Concessions on routes likely to get U.S. Air-AMR off the ground
By Diane Bartz and Karen Jacobs
WASHINGTON/ATLANTA (Reuters) - US Airways and American Airlines are likely to win approval to create the world's biggest carrier, with regulators expected to focus on concessions to preserve competition in Washington, Charlotte, Dallas and other airports where they are dominant, antitrust experts say.
AMR Corp's AAMRQ.PK American and US Airways LCC.N are in the final stages of negotiating an $11 billion merger and a deal is expected to be announced later this week. If approved, it would mark the third major U.S. airline merger since 2008, raising the specter of higher ticket prices and fewer choices for consumers as a handful of airlines dominate the skies.
To preserve competition, antitrust experts say, the Justice Department is likely to ask for divestitures in US Airways' hub at Washington's Reagan National and Charlotte, N.C., and AMR's hub in Dallas.
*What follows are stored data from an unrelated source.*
(* Let $X$ be a set, $B\subseteq\mathbb{R}^X$ an $\mathbb{R}$-subalgebra and $Q\subseteq B$ a quadratic module with $K_{Q,X}=X$ and $\overline{m(X)}=K_{Q,Y_B}$. Let $f\in\mathbb{R}^X$ and $A=B[f]\subseteq\mathbb{R}^X$. In each of the following cases, $K_{Q',X}=X$ and $\overline{m(X)}=K_{Q',Y_A}$: (1) $f=\sqrt[r]{g}$ (pointwise real $r$-th root) with $r$ odd and $g\in B$, and $Q'$ is the quadratic module of $A$ generated by $Q$; (2) $f=\sqrt[s]{g}$ (pointwise nonnegative $s$-th root) with $s$ even, $g\in B$, $g\ge0$ on $X$, and $Q'$ is the quadratic module of $A$ generated by $Q$ and $f$; (3) $f=\frac1g$ with $g\in B$, $g(x)\ne0$ for all $x\in X$, and $Q'$ is the quadratic module of $A$ generated by $Q$; (4) $f=g\cdot\chi_{\{q\ge0\}}+h\cdot\chi_{\{q<0\}}$ for some $g,h,q\in B$ such that for $y\in K_{Q,Y_B}$, $\hat q(y)=0$ implies $\hat g(y)=\hat h(y)$, and $Q'$ is the quadratic module of $A$ generated by $Q$ and $-q(f-g)^2$, $q(f-h)^2$; (5) $f=\chi_{\{q\ge0\}}$ for some $q\in B$ satisfying $\{y\in K_{Q,Y_B}\mid\hat q(y)=0\}\subseteq\overline{\{y\in K_{Q,Y_B}\mid\hat q(y)>0\}}\cap\overline{\{y\in K_{Q,Y_B}\mid\hat q(y)<0\}}$, and $Q'$ is the quadratic module of $A$ generated by $Q$ and $qf$, $q(f-1)$.
   Context: A quadratic module of a commutative unital $\mathbb{R}$-algebra $C$ is a subset $Q\subseteq C$ with $Q+Q\subseteq Q$, $c^2Q\subseteq Q$ for all $c\in C$, and $1\in Q$. For an $\mathbb{R}$-subalgebra $C\subseteq\mathbb{R}^X$ and a quadratic module $Q$ of $C$: $K_{Q,X}:=\{x\in X\mid g(x)\ge0\ \forall g\in Q\}$; $Y_C$ is the set of unital $\mathbb{R}$-algebra homomorphisms $C\to\mathbb{R}$; for $c\in C$, $\hat c\colon Y_C\to\mathbb{R}$, $\hat c(y)=y(c)$; $Y_C$ has the weakest topology making all $\hat c$ continuous; $K_{Q,Y_C}:=\{y\in Y_C\mid \hat g(y)\ge0\ \forall g\in Q\}$; $m\colon X\to Y_C$, $m(x)(c)=c(x)$. Overlines on subsets of $Y_C$ denote closure in $Y_C$. $\chi_S$ denotes the characteristic function of $S\subseteq X$, and $\{q\ge0\}=\{x\in X\mid q(x)\ge0\}$, etc. *)

From Stdlib Require Import Reals List.
Open Scope R_scope.

Definition fadd {X : Type} (f g : X -> R) : X -> R := fun x => f x + g x.
Definition fmul {X : Type} (f g : X -> R) : X -> R := fun x => f x * g x.
Definition fscal {X : Type} (a : R) (f : X -> R) : X -> R := fun x => a * f x.
Definition fconst {X : Type} (a : R) : X -> R := fun _ => a.
Definition fopp {X : Type} (f : X -> R) : X -> R := fun x => - f x.

Definition is_subalgebra {X : Type} (C : (X -> R) -> Prop) : Prop :=
  C (fconst 1) /\
  (forall c d, C c -> C d -> C (fadd c d)) /\
  (forall c d, C c -> C d -> C (fmul c d)) /\
  (forall a c, C c -> C (fscal a c)).

Definition gen_alg {X : Type} (B : (X -> R) -> Prop) (f : X -> R) : (X -> R) -> Prop :=
  fun c => forall C, is_subalgebra C -> (forall b, B b -> C b) -> C f -> C c.

Definition is_qmodule {X : Type} (C Q : (X -> R) -> Prop) : Prop :=
  (forall g, Q g -> C g) /\
  (forall g h, Q g -> Q h -> Q (fadd g h)) /\
  (forall c g, C c -> Q g -> Q (fmul (fmul c c) g)) /\
  Q (fconst 1).

Definition gen_qmodule {X : Type} (C Q G : (X -> R) -> Prop) : (X -> R) -> Prop :=
  fun a => forall M, is_qmodule C M -> (forall g, Q g -> M g) ->
                     (forall g, G g -> M g) -> M a.

Definition KX {X : Type} (Q : (X -> R) -> Prop) : X -> Prop :=
  fun x => forall g, Q g -> 0 <= g x.

(* Points of Y_C: unital R-algebra homomorphisms C -> R, represented by maps
   (X -> R) -> R whose values outside C are irrelevant. *)
Definition is_char {X : Type} (C : (X -> R) -> Prop) (y : (X -> R) -> R) : Prop :=
  y (fconst 1) = 1 /\
  (forall c d, C c -> C d -> y (fadd c d) = y c + y d) /\
  (forall c d, C c -> C d -> y (fmul c d) = y c * y d) /\
  (forall a c, C c -> y (fscal a c) = a * y c).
Outside these areas, the carriers fly different routes for the most part.
"Overlapping routes are bad, and connecting routes are good," said Herbert Hovenkamp, who teaches antitrust at the University of Iowa College of Law.
"If you put these two airlines on a map you're going to see a lot of complementary routes but you're not going to see very many where the two of them fly on the same route," he added.
The Justice Department has rarely challenged an airline merger in recent years. The last one to be challenged was a proposed United-US Airways deal in 2000-2001.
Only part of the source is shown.